===== MATERIAL PROVIDED =====
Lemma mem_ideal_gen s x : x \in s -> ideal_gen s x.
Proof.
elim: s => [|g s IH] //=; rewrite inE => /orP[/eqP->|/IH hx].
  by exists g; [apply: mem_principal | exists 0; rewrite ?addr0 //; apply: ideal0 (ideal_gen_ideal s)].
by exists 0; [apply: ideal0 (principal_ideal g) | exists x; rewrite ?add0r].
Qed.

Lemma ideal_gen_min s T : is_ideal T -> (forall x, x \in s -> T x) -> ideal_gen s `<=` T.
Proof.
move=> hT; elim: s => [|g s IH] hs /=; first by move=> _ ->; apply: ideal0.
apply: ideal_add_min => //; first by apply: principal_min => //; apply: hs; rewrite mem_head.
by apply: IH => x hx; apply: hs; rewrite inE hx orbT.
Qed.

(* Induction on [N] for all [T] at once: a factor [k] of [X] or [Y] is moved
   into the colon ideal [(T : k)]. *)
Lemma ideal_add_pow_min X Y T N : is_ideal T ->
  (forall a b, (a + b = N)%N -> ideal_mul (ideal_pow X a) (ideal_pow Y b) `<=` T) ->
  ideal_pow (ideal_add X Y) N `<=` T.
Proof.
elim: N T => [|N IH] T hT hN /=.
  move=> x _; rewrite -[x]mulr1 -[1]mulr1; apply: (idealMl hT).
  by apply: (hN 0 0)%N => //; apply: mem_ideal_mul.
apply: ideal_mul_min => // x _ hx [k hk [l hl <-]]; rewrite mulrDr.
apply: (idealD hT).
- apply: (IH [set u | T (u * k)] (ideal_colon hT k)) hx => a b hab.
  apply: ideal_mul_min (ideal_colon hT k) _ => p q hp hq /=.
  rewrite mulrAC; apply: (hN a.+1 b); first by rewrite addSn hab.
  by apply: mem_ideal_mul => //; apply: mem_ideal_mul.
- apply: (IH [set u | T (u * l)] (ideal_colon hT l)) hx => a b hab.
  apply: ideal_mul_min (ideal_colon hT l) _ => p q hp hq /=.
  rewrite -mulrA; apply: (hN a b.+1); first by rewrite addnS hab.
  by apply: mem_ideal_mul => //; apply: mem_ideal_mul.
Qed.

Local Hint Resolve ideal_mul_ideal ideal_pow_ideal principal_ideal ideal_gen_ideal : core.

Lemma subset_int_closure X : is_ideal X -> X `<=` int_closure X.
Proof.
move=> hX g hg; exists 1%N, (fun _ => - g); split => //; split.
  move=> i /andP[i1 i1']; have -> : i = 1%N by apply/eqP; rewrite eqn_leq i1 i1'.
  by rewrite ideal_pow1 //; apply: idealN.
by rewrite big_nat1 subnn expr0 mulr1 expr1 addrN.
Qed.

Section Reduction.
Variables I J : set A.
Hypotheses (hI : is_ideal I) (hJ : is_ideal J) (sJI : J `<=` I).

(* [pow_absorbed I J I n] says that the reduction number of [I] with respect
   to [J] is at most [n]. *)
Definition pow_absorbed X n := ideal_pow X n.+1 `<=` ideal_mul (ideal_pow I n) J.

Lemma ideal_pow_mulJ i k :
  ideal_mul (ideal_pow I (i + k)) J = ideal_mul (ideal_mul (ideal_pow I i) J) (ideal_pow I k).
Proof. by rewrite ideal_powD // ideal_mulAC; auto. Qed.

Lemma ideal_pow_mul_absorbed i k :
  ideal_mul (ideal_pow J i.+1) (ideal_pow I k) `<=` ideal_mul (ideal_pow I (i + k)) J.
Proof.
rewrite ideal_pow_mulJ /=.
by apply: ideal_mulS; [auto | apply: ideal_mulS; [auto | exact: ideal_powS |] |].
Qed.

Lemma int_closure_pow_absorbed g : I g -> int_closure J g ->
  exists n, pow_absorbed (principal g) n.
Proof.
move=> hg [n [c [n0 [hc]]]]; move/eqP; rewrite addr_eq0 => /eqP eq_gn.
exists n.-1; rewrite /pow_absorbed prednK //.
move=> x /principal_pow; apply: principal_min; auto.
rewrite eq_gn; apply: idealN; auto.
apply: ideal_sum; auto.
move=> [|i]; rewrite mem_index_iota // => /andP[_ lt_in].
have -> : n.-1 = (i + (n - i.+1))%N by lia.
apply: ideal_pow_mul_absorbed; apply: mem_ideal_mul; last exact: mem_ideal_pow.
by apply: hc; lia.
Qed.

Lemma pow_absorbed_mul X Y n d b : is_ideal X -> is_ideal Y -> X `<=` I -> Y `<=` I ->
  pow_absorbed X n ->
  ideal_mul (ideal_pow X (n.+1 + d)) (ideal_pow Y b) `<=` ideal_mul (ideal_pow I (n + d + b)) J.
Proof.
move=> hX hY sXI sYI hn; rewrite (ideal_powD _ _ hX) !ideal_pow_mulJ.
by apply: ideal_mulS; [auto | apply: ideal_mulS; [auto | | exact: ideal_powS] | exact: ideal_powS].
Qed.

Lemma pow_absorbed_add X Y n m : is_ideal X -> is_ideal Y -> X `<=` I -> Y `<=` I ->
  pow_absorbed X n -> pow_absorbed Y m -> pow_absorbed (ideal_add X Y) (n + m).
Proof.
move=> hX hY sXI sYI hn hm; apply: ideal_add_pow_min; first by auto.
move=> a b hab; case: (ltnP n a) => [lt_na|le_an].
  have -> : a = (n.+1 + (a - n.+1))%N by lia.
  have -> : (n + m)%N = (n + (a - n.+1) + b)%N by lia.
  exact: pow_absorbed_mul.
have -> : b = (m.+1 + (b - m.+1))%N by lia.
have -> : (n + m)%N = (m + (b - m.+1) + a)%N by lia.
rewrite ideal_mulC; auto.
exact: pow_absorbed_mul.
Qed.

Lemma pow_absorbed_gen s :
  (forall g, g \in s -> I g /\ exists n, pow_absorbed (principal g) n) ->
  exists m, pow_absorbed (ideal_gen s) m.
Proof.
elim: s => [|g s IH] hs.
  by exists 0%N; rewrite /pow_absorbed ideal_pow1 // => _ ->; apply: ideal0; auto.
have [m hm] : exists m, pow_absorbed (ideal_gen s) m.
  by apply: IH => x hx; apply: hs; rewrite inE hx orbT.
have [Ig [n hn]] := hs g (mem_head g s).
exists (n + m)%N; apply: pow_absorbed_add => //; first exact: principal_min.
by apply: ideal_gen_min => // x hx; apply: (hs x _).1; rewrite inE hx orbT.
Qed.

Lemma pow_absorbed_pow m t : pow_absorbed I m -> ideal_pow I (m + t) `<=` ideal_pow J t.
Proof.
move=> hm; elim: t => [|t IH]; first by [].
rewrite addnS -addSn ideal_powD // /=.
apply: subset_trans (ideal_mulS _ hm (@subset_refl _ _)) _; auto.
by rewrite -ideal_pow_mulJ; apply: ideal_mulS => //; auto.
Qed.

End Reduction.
=====
§ **WORK ORDER**
Exactly those lines that run from the start of the listing to the line containing "by rewrite ideal_pow1 //; apply: idealN." should be output, and no others.

§ **ANSWER FOR THIS EXERCISE**
Lemma mem_ideal_gen s x : x \in s -> ideal_gen s x.
Proof.
elim: s => [|g s IH] //=; rewrite inE => /orP[/eqP->|/IH hx].
  by exists g; [apply: mem_principal | exists 0; rewrite ?addr0 //; apply: ideal0 (ideal_gen_ideal s)].
by exists 0; [apply: ideal0 (principal_ideal g) | exists x; rewrite ?add0r].
Qed.

Lemma ideal_gen_min s T : is_ideal T -> (forall x, x \in s -> T x) -> ideal_gen s `<=` T.
Proof.
move=> hT; elim: s => [|g s IH] hs /=; first by move=> _ ->; apply: ideal0.
apply: ideal_add_min => //; first by apply: principal_min => //; apply: hs; rewrite mem_head.
by apply: IH => x hx; apply: hs; rewrite inE hx orbT.
Qed.

(* Induction on [N] for all [T] at once: a factor [k] of [X] or [Y] is moved
   into the colon ideal [(T : k)]. *)
Lemma ideal_add_pow_min X Y T N : is_ideal T ->
  (forall a b, (a + b = N)%N -> ideal_mul (ideal_pow X a) (ideal_pow Y b) `<=` T) ->
  ideal_pow (ideal_add X Y) N `<=` T.
Proof.
elim: N T => [|N IH] T hT hN /=.
  move=> x _; rewrite -[x]mulr1 -[1]mulr1; apply: (idealMl hT).
  by apply: (hN 0 0)%N => //; apply: mem_ideal_mul.
apply: ideal_mul_min => // x _ hx [k hk [l hl <-]]; rewrite mulrDr.
apply: (idealD hT).
- apply: (IH [set u | T (u * k)] (ideal_colon hT k)) hx => a b hab.
  apply: ideal_mul_min (ideal_colon hT k) _ => p q hp hq /=.
  rewrite mulrAC; apply: (hN a.+1 b); first by rewrite addSn hab.
  by apply: mem_ideal_mul => //; apply: mem_ideal_mul.
- apply: (IH [set u | T (u * l)] (ideal_colon hT l)) hx => a b hab.
  apply: ideal_mul_min (ideal_colon hT l) _ => p q hp hq /=.
  rewrite -mulrA; apply: (hN a b.+1); first by rewrite addnS hab.
  by apply: mem_ideal_mul => //; apply: mem_ideal_mul.
Qed.

Local Hint Resolve ideal_mul_ideal ideal_pow_ideal principal_ideal ideal_gen_ideal : core.

Lemma subset_int_closure X : is_ideal X -> X `<=` int_closure X.
Proof.
move=> hX g hg; exists 1%N, (fun _ => - g); split => //; split.
  move=> i /andP[i1 i1']; have -> : i = 1%N by apply/eqP; rewrite eqn_leq i1 i1'.
  by rewrite ideal_pow1 //; apply: idealN.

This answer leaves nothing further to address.